ASSIGNMENT |
Since only part of the material below is wanted, output exactly the lines from the one with "Definition deriv_vec (f" up to and including the one with "i < n_arcs, carrying".
━━━━━━━━━━━━━━━━━━━━
(* Let $(\psi,p,A)$ be a regular normal extremal containing an interior three-bang block $X(\tau_X)\,Y(\ell)\,X(\tau_X)$, i.e. three consecutive arcs, an $X$-arc of length $\tau_X=\pi/\sin\gamma$, a $Y$-arc of length $\ell\in(0,2\pi)$, and an $X$-arc of length $\tau_X$, whose initial and final times are both switching times. If the reduced data at the initial time of the block are $(0,a,b)$ with $a\neq0$, then the reduced data at its final time are $(0,-a,b)$, i.e. the same as those produced by a single switching-to-switching $Y$-arc started from $(0,a,b)$, while the block has total length $2\pi/\sin\gamma+\ell$, strictly larger than the length (in $(0,2\pi)$) of that $Y$-arc. Consequently, such an interior $XYX$ block cannot occur on a regular normal time-optimal extremal.
   Context: Fix $\gamma\in(0,\pi/2)$, $s=\sin\gamma$, $c=\cos\gamma$, and $X=\begin{pmatrix}0&s^2&sc\\-s^2&0&0\\-sc&0&0\end{pmatrix}$, $Y=\begin{pmatrix}0&1&0\\-1&0&0\\0&0&0\end{pmatrix}$ on $\mathbb R^3$ with standard basis $e_1,e_2,e_3$ and standard inner product. Let $\Sigma=\{\psi:\langle e_3,\psi\rangle=0\}$, $\psi_0=(0,s,c)^\top$. Time-optimal problem: over piecewise constant controls $A:[0,T]\to\{X,Y\}$ with finitely many discontinuities (switching times) and trajectories $\dot\psi=A(t)\psi$, $\psi(0)=\psi_0$, minimize $T$ subject to $\psi(T)\in\Sigma$. Maximal intervals on which $A\equiv X$ (resp. $Y$) are $X$-arcs (resp. $Y$-arcs), also called bangs. A normal extremal is such a trajectory with a nonzero absolutely continuous costate $p$ satisfying $\dot p=-A(t)^\top p$ and, for a.e. $t$, $\langle p,A(t)\psi\rangle-1=\max_{B\in\{X,Y\}}(\langle p,B\psi\rangle-1)$. Let $F_1=X-Y$, $F_2=[X,Y]$, $F_3=[Y,[X,Y]]$, and reduced data $(\phi_1,\phi_2,\phi_3)$ with $\phi_i=\langle p,F_i\psi\rangle$; the switching function is $\Phi=\phi_1$. A normal extremal is regular (bang–bang) if $\Phi$ vanishes only at isolated times and at every switching time $\phi_1=0$ and $\phi_2\neq 0$. Time-optimal means the trajectory solves the minimization problem. *)

From Stdlib Require Import Reals Lra Lia.
Open Scope R_scope.

Record vec3 := V3 { v1 : R; v2 : R; v3 : R }.
Record mat3 := M3 { m11 : R; m12 : R; m13 : R;
                    m21 : R; m22 : R; m23 : R;
                    m31 : R; m32 : R; m33 : R }.

Definition vzero : vec3 := V3 0 0 0.
Definition dot (u w : vec3) : R := v1 u * v1 w + v2 u * v2 w + v3 u * v3 w.
Definition mv (M : mat3) (u : vec3) : vec3 :=
  V3 (m11 M * v1 u + m12 M * v2 u + m13 M * v3 u)
     (m21 M * v1 u + m22 M * v2 u + m23 M * v3 u)
     (m31 M * v1 u + m32 M * v2 u + m33 M * v3 u).
Definition mmul (A B : mat3) : mat3 :=
  M3 (m11 A * m11 B + m12 A * m21 B + m13 A * m31 B)
     (m11 A * m12 B + m12 A * m22 B + m13 A * m32 B)
     (m11 A * m13 B + m12 A * m23 B + m13 A * m33 B)
     (m21 A * m11 B + m22 A * m21 B + m23 A * m31 B)
     (m21 A * m12 B + m22 A * m22 B + m23 A * m32 B)
     (m21 A * m13 B + m22 A * m23 B + m23 A * m33 B)
     (m31 A * m11 B + m32 A * m21 B + m33 A * m31 B)
     (m31 A * m12 B + m32 A * m22 B + m33 A * m32 B)
     (m31 A * m13 B + m32 A * m23 B + m33 A * m33 B).
Definition msub (A B : mat3) : mat3 :=
  M3 (m11 A - m11 B) (m12 A - m12 B) (m13 A - m13 B)
     (m21 A - m21 B) (m22 A - m22 B) (m23 A - m23 B)
     (m31 A - m31 B) (m32 A - m32 B) (m33 A - m33 B).
Definition mopp (A : mat3) : mat3 :=
  M3 (- m11 A) (- m12 A) (- m13 A) (- m21 A) (- m22 A) (- m23 A)
     (- m31 A) (- m32 A) (- m33 A).
Definition mtr (A : mat3) : mat3 :=
  M3 (m11 A) (m21 A) (m31 A) (m12 A) (m22 A) (m32 A) (m13 A) (m23 A) (m33 A).
Definition bracket (A B : mat3) : mat3 := msub (mmul A B) (mmul B A).

Definition Xm (g : R) : mat3 :=
  M3 0 (sin g ^ 2) (sin g * cos g)
     (- sin g ^ 2) 0 0
     (- (sin g * cos g)) 0 0.
Definition Ym : mat3 := M3 0 1 0 (-1) 0 0 0 0 0.

Definition F1 (g : R) : mat3 := msub (Xm g) Ym.
Definition F2 (g : R) : mat3 := bracket (Xm g) Ym.
Definition F3 (g : R) : mat3 := bracket Ym (bracket (Xm g) Ym).

Definition psi0 (g : R) : vec3 := V3 0 (sin g) (cos g).
Definition inSigma (u : vec3) : Prop := v3 u = 0.

Definition redd (g : R) (psi p : vec3) : vec3 :=
  V3 (dot p (mv (F1 g) psi)) (dot p (mv (F2 g) psi)) (dot p (mv (F3 g) psi)).
Definition Phi (g : R) (psi p : vec3) : R := dot p (mv (F1 g) psi).

Inductive ctrl := CX | CY.
Definition cmat (g : R) (c : ctrl) : mat3 :=
  match c with CX => Xm g | CY => Ym end.

Definition deriv_vec (f : R -> vec3) (u : R) (d : vec3) : Prop :=
  derivable_pt_lim (fun s => v1 (f s)) u (v1 d) /\
  derivable_pt_lim (fun s => v2 (f s)) u (v2 d) /\
  derivable_pt_lim (fun s => v3 (f s)) u (v3 d).
Definition cont_vec (f : R -> vec3) : Prop :=
  forall u, continuity_pt (fun s => v1 (f s)) u /\
            continuity_pt (fun s => v2 (f s)) u /\
            continuity_pt (fun s => v3 (f s)) u.

(* A piecewise constant bang-bang control on [0,T]: arcs (sw i, sw (i+1)),
   i < n_arcs, carrying control lab i; consecutive labels differ, so the arcs
   are the maximal X-/Y-arcs and the switching times are sw j, 1 <= j <= n-1. *)
Record schedule := Sched { n_arcs : nat; sw : nat -> R; lab : nat -> ctrl }.

Definition admissible (S : schedule) (T : R) : Prop :=
  (1 <= n_arcs S)%nat /\ sw S 0 = 0 /\ sw S (n_arcs S) = T /\
  (forall i, (i < n_arcs S)%nat -> sw S i < sw S (i + 1)) /\
  (forall i, (i + 1 < n_arcs S)%nat -> lab S i <> lab S (i + 1)).

Definition trajectory (g : R) (S : schedule) (psi : R -> vec3) : Prop :=
  cont_vec psi /\ psi 0 = psi0 g /\
  forall i u, (i < n_arcs S)%nat -> sw S i < u < sw S (i + 1) ->
    deriv_vec psi u (mv (cmat g (lab S i)) (psi u)).

Definition normal_extremal (g T : R) (S : schedule) (psi p : R -> vec3) : Prop :=
  admissible S T /\ trajectory g S psi /\
  cont_vec p /\
  (exists u, 0 <= u <= T /\ p u <> vzero) /\
  (forall i u, (i < n_arcs S)%nat -> sw S i < u < sw S (i + 1) ->
     deriv_vec p u (mv (mopp (mtr (cmat g (lab S i)))) (p u)) /\
     dot (p u) (mv (cmat g (lab S i)) (psi u)) - 1 =
       Rmax (dot (p u) (mv (Xm g) (psi u)) - 1)
            (dot (p u) (mv Ym (psi u)) - 1)).

Definition regular (g T : R) (S : schedule) (psi p : R -> vec3) : Prop :=
  (forall u, 0 <= u <= T -> Phi g (psi u) (p u) = 0 ->
     exists d, 0 < d /\ forall v, 0 <= v <= T -> 0 < Rabs (v - u) < d ->
       Phi g (psi v) (p v) <> 0) /\
  (forall j, (1 <= j)%nat -> (j <= n_arcs S - 1)%nat ->
     v1 (redd g (psi (sw S j)) (p (sw S j))) = 0 /\
     v2 (redd g (psi (sw S j)) (p (sw S j))) <> 0).

Definition time_optimal (g T : R) (S : schedule) (psi : R -> vec3) : Prop :=
  admissible S T /\ trajectory g S psi /\ inSigma (psi T) /\
  forall T' S' psi', admissible S' T' -> trajectory g S' psi' ->
    inSigma (psi' T') -> T <= T'.

Definition Y_arc (L : R) (psi p : R -> vec3) : Prop :=
  cont_vec psi /\ cont_vec p /\
  forall u, 0 < u < L ->
    deriv_vec psi u (mv Ym (psi u)) /\
    deriv_vec p u (mv (mopp (mtr Ym)) (p u)).

From Stdlib Require Import Reals Lra Lia Psatz.
From Coquelicot Require Import Coquelicot.
Open Scope R_scope.

(* Since the controls are skew-symmetric, h = psi x p obeys the same equation
   h' = A h as psi, and the reduced data are an injective linear image of h.
   On the switching surface phi1 = 0, h = x e1 + y n with n = (0, cos g, -sin g)
   the rotation axis of X; an X-arc of length pi / sin g is the half-turn about
   n, sending x to -x.  The Y-arc rotates about e3, and regularity at the
   switching time after it means that it maps x e1 + y n to -x e1 + y n
   as well.  Hence the block X Y X acts on h, and so on the reduced data, as
   the Y-arc of length 2 pi - l, which does not cross the switching surface in
   between.  Finally, the block is longer than 2 pi / sin g, while a single
   X-arc already reaches Sigma at time pi / (2 sin g). *)

Definition cross (u w : vec3) : vec3 :=
  V3 (v2 u * v3 w - v3 u * v2 w) (v3 u * v1 w - v1 u * v3 w)
     (v1 u * v2 w - v2 u * v1 w).

Definition skew (M : mat3) : Prop :=
  m11 M = 0 /\ m22 M = 0 /\ m33 M = 0 /\
  m21 M = - m12 M /\ m31 M = - m13 M /\ m32 M = - m23 M.

Ltac unfold_mat :=
  cbv beta iota delta [redd cross dot mv mopp mtr F1 F2 F3 bracket msub mmul
    Xm Ym cmat v1 v2 v3 m11 m12 m13 m21 m22 m23 m31 m32 m33] in *.

Lemma skew_cmat g c : skew (cmat g c).
Proof. destruct c; unfold skew; unfold_mat; repeat split; ring. Qed.

Lemma derivable_pt_lim_eq f x l l' :
  derivable_pt_lim f x l -> l = l' -> derivable_pt_lim f x l'.
Proof. now intros H <-. Qed.

Lemma cont_vec_of_deriv (f d : R -> vec3) :
  (forall u, deriv_vec f u (d u)) -> cont_vec f.
Proof.
  intros H u. destruct (H u) as (H1 & H2 & H3).
  repeat split; apply derivable_continuous_pt; eexists; eassumption.
Qed.

Lemma cont_vec_cross psi p :
  cont_vec psi -> cont_vec p -> cont_vec (fun t => cross (psi t) (p t)).
Proof.
  intros Cpsi Cp u. destruct (Cpsi u) as (a1 & a2 & a3), (Cp u) as (b1 & b2 & b3).
  unfold cross; cbn [v1 v2 v3].
  repeat split; apply continuity_pt_minus; apply continuity_pt_mult; assumption.
Qed.

Lemma deriv_vec_cross M psi p u : skew M ->
  deriv_vec psi u (mv M (psi u)) -> deriv_vec p u (mv (mopp (mtr M)) (p u)) ->
  deriv_vec (fun t => cross (psi t) (p t)) u (mv M (cross (psi u) (p u))).
Proof.
  intros (e1 & e2 & e3 & e4 & e5 & e6) (a1 & a2 & a3) (b1 & b2 & b3).
  destruct M; unfold deriv_vec in *; unfold_mat; subst.
  repeat split; (eapply derivable_pt_lim_eq;
    [apply derivable_pt_lim_minus; apply derivable_pt_lim_mult; eassumption
     | simpl; ring]).
Qed.

Lemma skew_ode_unique M f F t0 t1 : skew M -> t0 <= t1 ->
  cont_vec f -> cont_vec F ->
  (forall u, t0 < u < t1 -> deriv_vec f u (mv M (f u))) ->
  (forall u, t0 < u < t1 -> deriv_vec F u (mv M (F u))) ->
  f t0 = F t0 -> f t1 = F t1.
Proof.
  intros (e1 & e2 & e3 & e4 & e5 & e6) Ht Cf CF Df DF H0.
  set (E := fun t => (v1 (f t) - v1 (F t)) * (v1 (f t) - v1 (F t))
     + (v2 (f t) - v2 (F t)) * (v2 (f t) - v2 (F t))
     + (v3 (f t) - v3 (F t)) * (v3 (f t) - v3 (F t))).
  (* E' = 2 (f - F) . M (f - F) = 0 since M is skew *)
  assert (DE : forall x, t0 < x < t1 -> derivable_pt_lim E x 0).
  { intros x Hx.
    destruct (Df x Hx) as (a1 & a2 & a3), (DF x Hx) as (b1 & b2 & b3).
    eapply derivable_pt_lim_eq.
    - repeat apply derivable_pt_lim_plus;
        apply derivable_pt_lim_mult; apply derivable_pt_lim_minus; eassumption.
    - destruct M; unfold_mat; subst; ring. }
  assert (CE : forall x, t0 <= x <= t1 -> continuity_pt E x).
  { intros x _. destruct (Cf x) as (c1 & c2 & c3), (CF x) as (d1 & d2 & d3).
    repeat apply continuity_pt_plus;
      apply continuity_pt_mult; apply continuity_pt_minus; assumption. }
  pose (pr := fun x (P : t0 < x < t1) =>
    exist (fun l => derivable_pt_abs E x l) 0 (DE x P)).
  assert (E1 : E t1 = E t0)
    by (apply (null_derivative_loc E t0 t1 pr CE (fun x P => eq_refl)); lra).
  assert (E0 : E t0 = 0) by (unfold E; rewrite H0; ring).
  rewrite E0 in E1. unfold E in E1.
  destruct (f t1) as [x1 x2 x3], (F t1) as [y1 y2 y3]; cbn [v1 v2 v3] in E1.
  pose proof (Rle_0_sqr (x1 - y1)); pose proof (Rle_0_sqr (x2 - y2));
    pose proof (Rle_0_sqr (x3 - y3)); unfold Rsqr in *.
  f_equal; apply Rminus_diag_uniq, Rsqr_0_uniq; unfold Rsqr; lra.
Qed.

(* X rotates with angular speed sin g about the axis (0, cos g, -sin g); k and m
   are the coordinates of h along (0, sin g, cos g) and along that axis. *)
Definition flowX (g t : R) (h : vec3) : vec3 :=
  let s := sin g in let c := cos g in
  let k := s * v2 h + c * v3 h in let m := c * v2 h - s * v3 h in
  let B := - v1 h * sin (s * t) + k * cos (s * t) in
  V3 (v1 h * cos (s * t) + k * sin (s * t)) (s * B + c * m) (c * B - s * m).

Definition flowY (t : R) (h : vec3) : vec3 :=
  V3 (v1 h * cos t + v2 h * sin t) (- v1 h * sin t + v2 h * cos t) (v3 h).

Definition flow (g : R) (c : ctrl) : R -> vec3 -> vec3 :=
  match c with CX => flowX g | CY => flowY end.

Lemma flow_deriv g c t0 h u :
  deriv_vec (fun t => flow g c (t - t0) h) u (mv (cmat g c) (flow g c (u - t0) h)).
Proof.
  pose proof (sin2_cos2 g) as E; unfold Rsqr in E.
  destruct c, h as [h1 h2 h3]; unfold deriv_vec, flow, flowX, flowY; unfold_mat;
    repeat split; apply is_derive_Reals; auto_derive; try exact I;
    unfold Rminus; try ring.
  set (T := sin g * (u + - t0)). set (B := - h1 * sin T + (sin g * h2 + cos g * h3) * cos T).
  assert (sin g * B * (sin g * sin g + cos g * cos g) = sin g * B) by (rewrite E; ring).
  unfold B in *; lra.
Qed.

Lemma flow_0 g c h : flow g c 0 h = h.
Proof.
  pose proof (sin2_cos2 g) as E; unfold Rsqr in E.
  destruct c, h as [h1 h2 h3]; unfold flow, flowX, flowY; cbn [v1 v2 v3];
    rewrite ?Rmult_0_r, sin_0, cos_0; f_equal; try ring.
  - transitivity (h2 * (sin g * sin g + cos g * cos g)); [ring | rewrite E; ring].
  - transitivity (h3 * (sin g * sin g + cos g * cos g)); [ring | rewrite E; ring].
Qed.

Lemma cont_vec_flow g c t0 h : cont_vec (fun t => flow g c (t - t0) h).
Proof. apply (cont_vec_of_deriv _ _ (flow_deriv g c t0 h)). Qed.

Lemma cross_on_arc g T S psi p i : normal_extremal g T S psi p -> (i < n_arcs S)%nat ->
  cross (psi (sw S (i + 1))) (p (sw S (i + 1))) =
  flow g (lab S i) (sw S (i + 1) - sw S i) (cross (psi (sw S i)) (p (sw S i))).
Proof.
  intros ((_ & _ & _ & Hsw & _) & (Cpsi & _ & Dpsi) & Cp & _ & Dp) Hi.
  apply (skew_ode_unique (cmat g (lab S i)) (fun t => cross (psi t) (p t))
    (fun t => flow g (lab S i) (t - sw S i) (cross (psi (sw S i)) (p (sw S i))))
    (sw S i) (sw S (i + 1))).
  - apply skew_cmat.
  - left; auto.
  - apply cont_vec_cross; assumption.
  - apply cont_vec_flow.
  - intros u Hu. apply deriv_vec_cross; [apply skew_cmat | auto | apply (Dp i u Hi Hu)].
  - intros u _; apply flow_deriv.
  - now rewrite Rminus_diag, flow_0.
Qed.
━━━━━━━━━━━━━━━━━━━━
REPLY |
Definition deriv_vec (f : R -> vec3) (u : R) (d : vec3) : Prop :=
  derivable_pt_lim (fun s => v1 (f s)) u (v1 d) /\
  derivable_pt_lim (fun s => v2 (f s)) u (v2 d) /\
  derivable_pt_lim (fun s => v3 (f s)) u (v3 d).
Definition cont_vec (f : R -> vec3) : Prop :=
  forall u, continuity_pt (fun s => v1 (f s)) u /\
            continuity_pt (fun s => v2 (f s)) u /\
            continuity_pt (fun s => v3 (f s)) u.

(* A piecewise constant bang-bang control on [0,T]: arcs (sw i, sw (i+1)),
   i < n_arcs, carrying control lab i; consecutive labels differ, so the arcs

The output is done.